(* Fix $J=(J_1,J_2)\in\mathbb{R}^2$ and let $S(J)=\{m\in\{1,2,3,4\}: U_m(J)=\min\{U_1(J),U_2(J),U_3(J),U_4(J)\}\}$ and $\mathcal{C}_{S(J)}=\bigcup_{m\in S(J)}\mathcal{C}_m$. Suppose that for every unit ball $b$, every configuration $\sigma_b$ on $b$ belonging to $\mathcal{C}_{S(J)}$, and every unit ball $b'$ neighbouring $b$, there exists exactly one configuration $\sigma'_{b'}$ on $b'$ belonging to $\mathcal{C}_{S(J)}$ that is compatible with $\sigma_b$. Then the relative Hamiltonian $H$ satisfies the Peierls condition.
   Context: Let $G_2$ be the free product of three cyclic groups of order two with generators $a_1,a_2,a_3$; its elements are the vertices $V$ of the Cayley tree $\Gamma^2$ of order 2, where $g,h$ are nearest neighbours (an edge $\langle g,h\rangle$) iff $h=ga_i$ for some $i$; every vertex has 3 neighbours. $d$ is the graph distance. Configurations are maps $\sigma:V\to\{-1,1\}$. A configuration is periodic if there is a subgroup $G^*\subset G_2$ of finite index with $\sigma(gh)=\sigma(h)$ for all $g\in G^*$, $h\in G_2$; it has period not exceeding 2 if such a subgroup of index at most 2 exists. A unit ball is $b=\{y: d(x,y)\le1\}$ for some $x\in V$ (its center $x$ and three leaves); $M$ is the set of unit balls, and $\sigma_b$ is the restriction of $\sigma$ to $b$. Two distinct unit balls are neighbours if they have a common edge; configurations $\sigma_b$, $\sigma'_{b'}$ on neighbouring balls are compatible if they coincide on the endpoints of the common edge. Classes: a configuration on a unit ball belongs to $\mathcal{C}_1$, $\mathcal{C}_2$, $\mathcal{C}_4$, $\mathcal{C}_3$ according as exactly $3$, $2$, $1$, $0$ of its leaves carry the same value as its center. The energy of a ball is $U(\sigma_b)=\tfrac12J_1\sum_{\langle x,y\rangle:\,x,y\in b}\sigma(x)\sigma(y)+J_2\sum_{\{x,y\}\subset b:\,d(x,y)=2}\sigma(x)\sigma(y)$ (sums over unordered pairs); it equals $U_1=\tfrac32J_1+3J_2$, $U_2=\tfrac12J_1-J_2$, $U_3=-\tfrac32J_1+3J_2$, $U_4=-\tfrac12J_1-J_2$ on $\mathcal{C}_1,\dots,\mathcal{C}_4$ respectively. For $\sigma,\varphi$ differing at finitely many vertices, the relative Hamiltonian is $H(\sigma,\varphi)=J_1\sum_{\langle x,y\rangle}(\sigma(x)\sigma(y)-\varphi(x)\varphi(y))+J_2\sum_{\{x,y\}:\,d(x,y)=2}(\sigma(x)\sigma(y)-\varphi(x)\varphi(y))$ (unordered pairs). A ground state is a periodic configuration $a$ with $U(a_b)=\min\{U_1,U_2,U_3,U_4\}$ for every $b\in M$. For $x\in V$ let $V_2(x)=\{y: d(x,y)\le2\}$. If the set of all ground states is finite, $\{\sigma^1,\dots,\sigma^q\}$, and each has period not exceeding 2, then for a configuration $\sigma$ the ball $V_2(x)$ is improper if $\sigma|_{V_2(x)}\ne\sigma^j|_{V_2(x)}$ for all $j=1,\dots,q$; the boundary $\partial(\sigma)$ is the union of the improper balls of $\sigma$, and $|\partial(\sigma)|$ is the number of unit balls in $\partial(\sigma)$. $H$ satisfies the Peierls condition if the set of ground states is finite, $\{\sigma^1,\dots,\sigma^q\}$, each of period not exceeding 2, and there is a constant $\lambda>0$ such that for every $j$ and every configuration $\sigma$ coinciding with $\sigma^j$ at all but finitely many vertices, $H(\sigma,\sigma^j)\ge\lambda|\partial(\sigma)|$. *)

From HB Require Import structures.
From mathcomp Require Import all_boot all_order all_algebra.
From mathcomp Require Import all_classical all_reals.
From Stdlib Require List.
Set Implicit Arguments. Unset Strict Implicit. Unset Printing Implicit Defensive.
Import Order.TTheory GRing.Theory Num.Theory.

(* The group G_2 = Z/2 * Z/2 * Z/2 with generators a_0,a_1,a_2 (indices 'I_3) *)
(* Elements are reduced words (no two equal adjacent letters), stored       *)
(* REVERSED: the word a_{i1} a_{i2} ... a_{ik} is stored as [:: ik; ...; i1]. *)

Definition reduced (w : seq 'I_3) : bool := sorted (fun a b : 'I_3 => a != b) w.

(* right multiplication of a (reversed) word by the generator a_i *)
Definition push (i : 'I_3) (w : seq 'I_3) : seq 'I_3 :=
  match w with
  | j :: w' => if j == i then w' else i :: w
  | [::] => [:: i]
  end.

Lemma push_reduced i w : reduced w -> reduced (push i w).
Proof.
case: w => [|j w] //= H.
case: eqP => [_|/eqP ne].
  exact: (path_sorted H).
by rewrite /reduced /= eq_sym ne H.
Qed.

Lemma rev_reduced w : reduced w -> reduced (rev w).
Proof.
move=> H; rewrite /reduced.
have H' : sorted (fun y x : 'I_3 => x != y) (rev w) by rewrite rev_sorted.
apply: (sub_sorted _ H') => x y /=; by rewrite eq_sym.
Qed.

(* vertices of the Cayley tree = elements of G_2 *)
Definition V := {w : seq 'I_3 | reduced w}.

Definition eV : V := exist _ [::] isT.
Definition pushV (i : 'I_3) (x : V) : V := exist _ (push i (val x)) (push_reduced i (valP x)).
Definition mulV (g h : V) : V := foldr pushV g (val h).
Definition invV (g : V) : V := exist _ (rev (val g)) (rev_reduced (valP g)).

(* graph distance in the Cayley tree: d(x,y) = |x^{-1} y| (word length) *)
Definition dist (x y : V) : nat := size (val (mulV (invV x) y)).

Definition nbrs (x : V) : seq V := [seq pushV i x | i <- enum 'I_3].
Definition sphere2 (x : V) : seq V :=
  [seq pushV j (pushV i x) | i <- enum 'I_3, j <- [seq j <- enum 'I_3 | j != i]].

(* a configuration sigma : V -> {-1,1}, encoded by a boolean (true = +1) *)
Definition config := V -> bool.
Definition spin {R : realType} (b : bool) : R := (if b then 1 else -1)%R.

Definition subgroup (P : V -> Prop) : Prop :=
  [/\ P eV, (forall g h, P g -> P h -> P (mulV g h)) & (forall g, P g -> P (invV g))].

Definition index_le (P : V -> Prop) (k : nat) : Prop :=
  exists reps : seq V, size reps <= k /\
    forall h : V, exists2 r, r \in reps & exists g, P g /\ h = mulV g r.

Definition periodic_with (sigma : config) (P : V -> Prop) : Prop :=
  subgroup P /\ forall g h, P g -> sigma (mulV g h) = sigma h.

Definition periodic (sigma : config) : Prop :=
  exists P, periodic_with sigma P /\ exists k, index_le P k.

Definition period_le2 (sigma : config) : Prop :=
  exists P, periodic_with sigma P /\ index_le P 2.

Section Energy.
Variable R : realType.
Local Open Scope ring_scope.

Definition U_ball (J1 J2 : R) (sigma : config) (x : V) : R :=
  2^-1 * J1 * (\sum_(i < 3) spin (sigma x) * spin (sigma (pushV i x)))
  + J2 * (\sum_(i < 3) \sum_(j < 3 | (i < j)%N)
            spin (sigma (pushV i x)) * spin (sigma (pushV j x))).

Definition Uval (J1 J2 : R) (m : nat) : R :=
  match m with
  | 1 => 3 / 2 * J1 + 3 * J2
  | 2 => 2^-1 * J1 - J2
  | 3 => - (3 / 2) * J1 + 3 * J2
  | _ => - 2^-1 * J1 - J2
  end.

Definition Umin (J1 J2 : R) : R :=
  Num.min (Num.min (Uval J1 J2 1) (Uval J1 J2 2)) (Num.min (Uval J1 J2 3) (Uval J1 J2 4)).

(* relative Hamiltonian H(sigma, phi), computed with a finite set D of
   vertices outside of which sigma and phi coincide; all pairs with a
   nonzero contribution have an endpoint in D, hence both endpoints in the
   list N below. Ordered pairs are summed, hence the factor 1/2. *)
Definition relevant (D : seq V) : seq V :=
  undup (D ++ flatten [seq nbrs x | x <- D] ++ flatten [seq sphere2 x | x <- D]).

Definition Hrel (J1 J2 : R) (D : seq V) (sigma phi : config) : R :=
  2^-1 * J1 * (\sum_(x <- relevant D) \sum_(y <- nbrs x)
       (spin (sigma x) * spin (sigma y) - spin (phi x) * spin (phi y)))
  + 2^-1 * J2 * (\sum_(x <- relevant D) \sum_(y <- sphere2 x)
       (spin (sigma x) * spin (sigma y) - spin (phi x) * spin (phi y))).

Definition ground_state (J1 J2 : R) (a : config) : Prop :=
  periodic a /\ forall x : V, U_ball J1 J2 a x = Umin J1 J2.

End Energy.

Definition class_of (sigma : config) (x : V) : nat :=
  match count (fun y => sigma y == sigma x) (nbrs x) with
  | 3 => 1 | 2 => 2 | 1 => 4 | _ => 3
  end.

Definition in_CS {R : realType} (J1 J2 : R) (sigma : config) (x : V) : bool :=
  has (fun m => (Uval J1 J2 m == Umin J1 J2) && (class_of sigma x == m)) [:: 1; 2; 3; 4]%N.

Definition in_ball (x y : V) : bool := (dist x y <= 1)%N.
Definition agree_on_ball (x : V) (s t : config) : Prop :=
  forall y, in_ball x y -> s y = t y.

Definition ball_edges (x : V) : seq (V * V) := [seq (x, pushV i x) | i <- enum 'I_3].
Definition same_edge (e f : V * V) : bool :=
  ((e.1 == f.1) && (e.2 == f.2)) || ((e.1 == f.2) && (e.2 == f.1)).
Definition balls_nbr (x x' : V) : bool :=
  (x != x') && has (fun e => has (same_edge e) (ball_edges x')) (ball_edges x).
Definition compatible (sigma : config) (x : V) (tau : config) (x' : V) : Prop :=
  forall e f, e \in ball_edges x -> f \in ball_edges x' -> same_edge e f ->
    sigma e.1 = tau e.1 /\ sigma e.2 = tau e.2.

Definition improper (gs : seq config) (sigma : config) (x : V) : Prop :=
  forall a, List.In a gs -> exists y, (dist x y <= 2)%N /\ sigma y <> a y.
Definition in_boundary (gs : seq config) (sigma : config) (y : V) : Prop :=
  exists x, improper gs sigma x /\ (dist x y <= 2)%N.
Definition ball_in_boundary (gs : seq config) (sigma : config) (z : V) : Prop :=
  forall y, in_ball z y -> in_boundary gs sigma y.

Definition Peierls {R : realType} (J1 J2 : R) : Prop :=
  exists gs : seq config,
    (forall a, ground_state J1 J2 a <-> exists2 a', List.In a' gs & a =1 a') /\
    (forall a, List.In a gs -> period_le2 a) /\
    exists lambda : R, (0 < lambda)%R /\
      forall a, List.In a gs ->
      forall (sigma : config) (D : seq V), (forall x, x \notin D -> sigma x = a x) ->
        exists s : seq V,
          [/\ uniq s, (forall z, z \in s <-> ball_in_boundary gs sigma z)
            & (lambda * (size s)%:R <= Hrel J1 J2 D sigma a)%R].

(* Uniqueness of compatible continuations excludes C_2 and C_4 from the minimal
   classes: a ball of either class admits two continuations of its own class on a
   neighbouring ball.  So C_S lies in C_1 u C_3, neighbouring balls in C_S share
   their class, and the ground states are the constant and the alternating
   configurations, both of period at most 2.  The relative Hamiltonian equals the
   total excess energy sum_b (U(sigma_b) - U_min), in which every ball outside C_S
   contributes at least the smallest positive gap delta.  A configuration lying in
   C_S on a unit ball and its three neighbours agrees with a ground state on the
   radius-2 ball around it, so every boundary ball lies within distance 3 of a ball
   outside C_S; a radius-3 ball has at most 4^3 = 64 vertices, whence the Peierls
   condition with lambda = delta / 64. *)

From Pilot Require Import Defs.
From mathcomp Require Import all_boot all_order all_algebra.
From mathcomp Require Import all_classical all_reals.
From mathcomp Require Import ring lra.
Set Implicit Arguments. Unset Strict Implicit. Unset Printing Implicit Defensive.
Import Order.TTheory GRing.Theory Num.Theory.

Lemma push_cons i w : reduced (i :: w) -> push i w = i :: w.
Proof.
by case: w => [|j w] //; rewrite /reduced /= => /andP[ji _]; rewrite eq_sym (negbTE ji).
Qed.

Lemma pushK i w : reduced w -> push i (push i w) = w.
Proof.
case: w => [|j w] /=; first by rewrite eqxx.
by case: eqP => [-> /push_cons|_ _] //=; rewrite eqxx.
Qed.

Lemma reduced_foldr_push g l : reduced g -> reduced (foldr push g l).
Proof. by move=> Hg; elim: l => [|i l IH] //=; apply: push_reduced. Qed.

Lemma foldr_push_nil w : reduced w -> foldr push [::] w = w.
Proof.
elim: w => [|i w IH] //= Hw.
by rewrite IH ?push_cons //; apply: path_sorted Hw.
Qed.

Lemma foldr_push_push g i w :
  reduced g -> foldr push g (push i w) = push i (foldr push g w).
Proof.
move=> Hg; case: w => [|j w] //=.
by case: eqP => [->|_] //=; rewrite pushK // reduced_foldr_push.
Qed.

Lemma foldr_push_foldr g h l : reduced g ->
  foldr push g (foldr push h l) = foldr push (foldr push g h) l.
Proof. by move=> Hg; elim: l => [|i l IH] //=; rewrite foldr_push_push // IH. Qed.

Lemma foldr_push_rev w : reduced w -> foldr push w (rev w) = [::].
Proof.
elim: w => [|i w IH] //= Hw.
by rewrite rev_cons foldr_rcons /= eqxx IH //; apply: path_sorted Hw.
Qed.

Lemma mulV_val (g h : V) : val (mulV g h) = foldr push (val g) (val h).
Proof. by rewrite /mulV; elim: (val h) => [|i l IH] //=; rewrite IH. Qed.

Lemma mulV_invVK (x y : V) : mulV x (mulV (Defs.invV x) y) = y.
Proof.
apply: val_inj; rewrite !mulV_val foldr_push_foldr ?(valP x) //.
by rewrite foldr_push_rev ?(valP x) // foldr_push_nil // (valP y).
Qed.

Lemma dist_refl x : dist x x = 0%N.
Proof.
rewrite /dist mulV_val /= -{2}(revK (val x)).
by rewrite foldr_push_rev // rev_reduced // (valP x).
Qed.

Goal of the exercise — From the listing above, count every line where the word "relevant" occurs; the answer is that number and nothing else.

Task solution — 3